Estimating Treatment Effects in Longitudinal Surgical Clinical Trials with Partial Compliance Affecting Both Treatment Arms
Keywords: partial compliance, surgical trials, longitudinal data
Clinical trials for surgical interventions often are affected by non-adherence to assigned treatment groups. This paper deals with some of the special analytical issues encountered in such trials. In particular, we focus on recently published results from the Spine Patients Outcomes Research Trial (SPORT) which was designed to the treatment effects of surgery on longitudinally measured quality of life following either elective spine surgery or non-operative care. Following randomization, many (~40%) patients assigned to non-operative treatment elected to have surgery. Additionally, many (~40%) patients assigned to surgery delayed their operation or decided not to have the procedure performed. With the levels of crossover seen, the treatment effect in the intent-to-treat (ITT) analysis is likely to be biased toward the null. Our interest is in estimating the longitudinal response following surgery and comparing this to the response that would be observed in the absence of surgery.
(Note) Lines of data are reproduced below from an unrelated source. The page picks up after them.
Lemma Theta_lt (z w : T) : twf z -> twf w -> tlt z w -> star z < Theta X w ->
  Theta X z < Theta X w.
Proof.
move=> wf_z wf_w; have [[_ [_ below]] _] := ThetaSpec_Theta omega1_O clubX wf_w.
exact: below.
Qed.

Lemma Theta_le (w : T) th : twf w -> X th -> star w < th ->
  (forall z, twf z -> tlt z w -> star z < th -> Theta X z < th) -> Theta X w <= th.
Proof.
move=> wf_w Xth lt_w closed_th; have [_ min_Theta] := ThetaSpec_Theta omega1_O clubX wf_w.
by apply: min_Theta.
Qed.

Lemma Theta_seq_osup (xi : T) (x : nat -> T) :
  twf xi -> (forall n, twf (x n)) ->
  (forall n, tlt (x n) (x n.+1)) -> (forall n, tlt (x n) xi) ->
  (forall n, star (x n) < Theta X (x n.+1)) -> (forall n, star (x n) < Theta X xi) ->
  (exists n, star xi < Theta X (x n)) ->
  (forall z, twf z -> tlt z xi ->
     (exists n, tlt z (x n)) \/ (exists n, Theta X z < Theta X (x n))) ->
  (forall n, Theta X (x n) < Theta X (x n.+1)) /\
  osup_is (fun n => Theta X (x n)) (Theta X xi).
Proof.
move=> wf_xi wf_x x_incr lt_x star_x_lt star_x_lt_xi [n0 lt_xi] x_cofinal.
have s_incr n : Theta X (x n) < Theta X (x n.+1) by apply: Theta_lt.
split=> //; have [sig sup_sig] := ex_osup omega1_O (fun n => Theta X (x n)).
have le_sig n : Theta X (x n) <= sig := proj1 sup_sig n.
have le_xi_sig : Theta X xi <= sig.
  apply: Theta_le => //.
  - exact: club_osup clubX (fun n => Theta_in (wf_x n)) s_incr sup_sig.
  - exact: lt_le_trans lt_xi (le_sig n0).
  move=> z wf_z lt_z lt_sig.
  have [[m lt_zm]|[n lt_Theta]] := x_cofinal z wf_z lt_z; last first.
    exact: lt_le_trans lt_Theta (le_sig n).
  have [k lt_zk] := osup_lt sup_sig lt_sig.
  have [ltmK ltkK] : (m < (m + k).+1 /\ k < (m + k).+1)%N.
    by rewrite !ltnS leq_addr leq_addl.
  apply: lt_le_trans (le_sig (m + k).+1); apply: Theta_lt => //.
    exact: tlt_trans lt_zm (homo_ltn tlt_trans x_incr ltmK).
  exact: lt_trans lt_zk (homo_ltn lt_trans s_incr ltkK).
split=> [n|u ub_u]; first exact/ltW/Theta_lt.
exact: le_trans le_xi_sig (proj2 sup_sig u ub_u).
Qed.

Definition jump_gap (alpha xi : T) (delta : O) : Prop :=
  [/\ star xi <= delta, delta < Theta X xi &
      forall w, twf w -> ~ tlt w alpha -> tlt w xi -> Theta X w <= delta].

Lemma jump_gap_tsucc (alpha z : T) beta : omega_multiple alpha -> twf alpha -> twf z ->
  tadd alpha beta = tsucc z -> jump_gap alpha (tadd alpha beta) (Theta X z).
Proof.
move=> om_alpha wf_alpha wf_z eq_xi.
have [c [eq_beta eq_z]] := tadd_tsucc om_alpha wf_z eq_xi.
have wf_xi := proj1 (twf_tadd beta wf_alpha).
have : star (tadd alpha c) < Theta X z by rewrite -eq_z; apply: star_lt_Theta.
rewrite star_tadd // gt_max => /andP [lt_alpha lt_c].
split.
- by rewrite star_tadd // ge_max eq_beta (ltW lt_alpha) (osucc_min omega1_O).
- apply: Theta_lt => //; first by rewrite eq_z eq_beta; apply/tadd_lt/(osucc_gt omega1_O).
  rewrite eq_z star_tadd //; apply: le_lt_trans (star_lt_Theta wf_xi).
  by rewrite star_tadd // eq_beta le_max2 ?lexx // ltW // (osucc_gt omega1_O).
move=> w wf_w not_lt lt_w; have [g ltg eq_w] := tadd_inv_lt om_alpha wf_w not_lt lt_w.
move: ltg; rewrite eq_beta (lt_osucc omega1_O) le_eqVlt => /orP [/eqP eq_g|lt_gc].
  by rewrite eq_w eq_z eq_g.
apply/ltW/Theta_lt => //; first by rewrite eq_w eq_z; apply: tadd_lt.
by rewrite eq_w star_tadd // gt_max lt_alpha (lt_trans lt_gc).
Qed.

Lemma jump_gap_FIX (alpha : T) beta : omega_multiple alpha -> twf alpha ->
  FIX X (tadd alpha beta) -> jump_gap alpha (tadd alpha beta) (star (tadd alpha beta)).
Proof.
move=> om_alpha wf_alpha [wf_xi [lt_fs [_ [g [wf_g [lt_g eq_Theta]]]]]].
split; [by [] | exact: star_lt_Theta |].
move=> w wf_w not_lt lt_w; have [c ltc eq_w] := tadd_inv_lt om_alpha wf_w not_lt lt_w.
have gt0beta : \bot < beta := le_lt_trans (le0x c) ltc.
have lt_alpha := le_lt_trans (star_fs_tadd_ge oone om_alpha gt0beta) lt_fs.
rewrite -eq_Theta; apply/ltW/Theta_lt => //; first exact: tlt_trans lt_w lt_g.
rewrite eq_Theta eq_w star_tadd // gt_max lt_alpha.
by apply: lt_le_trans ltc _; rewrite star_tadd // le_max lexx orbT.
Qed.

Lemma jump_gap_ThetaStar (alpha : T) beta : omega_multiple alpha -> alpha <> TZero ->
  twf alpha -> JUMP X (tadd alpha beta) ->
  jump_gap alpha (tadd alpha beta) (ThetaStar X (tadd alpha beta)).
Proof.
move=> om_alpha neq_alpha wf_alpha jump_xi; rewrite /ThetaStar.
case E: (tpred _) => [z|].
  by have [wf_z eq_xi] := tpred_some E; apply: jump_gap_tsucc.
have FIX_xi : FIX X (tadd alpha beta).
  case: jump_xi => [/(tadd_eq0 om_alpha) [] //|[/(tpred_none E) //|//]].
have [_ [_ [tau_xi _]]] := FIX_xi.
by rewrite odecT // tau_xi; apply: jump_gap_FIX.
Qed.

Section ShiftedFundamentalSequence.
Variables (alpha : T) (beta t delta : O) (tn : nat -> O).
Hypotheses (lim_alpha : limit_tau alpha t) (om_alpha : omega_multiple alpha)
  (tn_incr : forall n, tn n < tn n.+1) (tn_sup : osup_is tn t)
  (gap_delta : jump_gap alpha (tadd alpha beta) delta).

Local Notation x n := (tadd (fs alpha (tn n)) delta).

Let tn_lt n : tn n < t.
Proof. exact: osup_gt_incr. Qed.

Let om_fs n : omega_multiple (fs alpha (tn n.+1)).
Proof. exact: omega_multiple_fs lim_alpha om_alpha _ (le_lt_trans (le0x _) (tn_incr n)). Qed.

Let le_alpha_delta : star alpha <= delta.
Proof. by case: gap_delta => + _ _; apply: le_trans; rewrite star_tadd // le_max lexx. Qed.

Lemma twf_shifted_fs n : twf (x n).
Proof. exact: (twf_tadd delta (twf_fs omega1_O lim_alpha (tn_lt n)).1).1. Qed.

Lemma shifted_fs_lt_fs n : tlt (x n) (fs alpha (tn n.+1)).
Proof. exact: (tadd_fs_lt lim_alpha om_alpha delta (tn_incr n) (tn_lt n.+1)). Qed.

Lemma shifted_fs_incr n : tlt (x n) (x n.+1).
Proof. exact: tlt_le_trans (shifted_fs_lt_fs n) (tadd_ge delta (om_fs n)). Qed.

Lemma shifted_fs_lt_tadd n : tlt (x n) (tadd alpha beta).
Proof.
apply: tlt_trans (shifted_fs_lt_fs n) _.
exact: tlt_le_trans (fs_lt omega1_O lim_alpha (tn_lt n.+1)) (tadd_ge beta om_alpha).
Qed.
This leads to an approach we describe as a "moving baseline" model which "resets the clock" at the time of surgery. This model ascribes treatment effects as originating from the time of surgery or the beginning of nonoperative therapy, and allows for possibly nonlinear trends. Patients delaying surgery beyond their first follow-up(s) are counted as nonoperative until they have surgery. Adjustments are made for baseline variables shown to be related to crossover and missed visits. Because we are reassigning the visit times when we "reset the clock", we include a term to interpolate to the most recent visit. We show conditions under which this model may be fit with ordinary mixed model software. The statistical properties of alternative estimators are studied using simulation models allowing for adherence to depend on the outcome history and baseline covariates.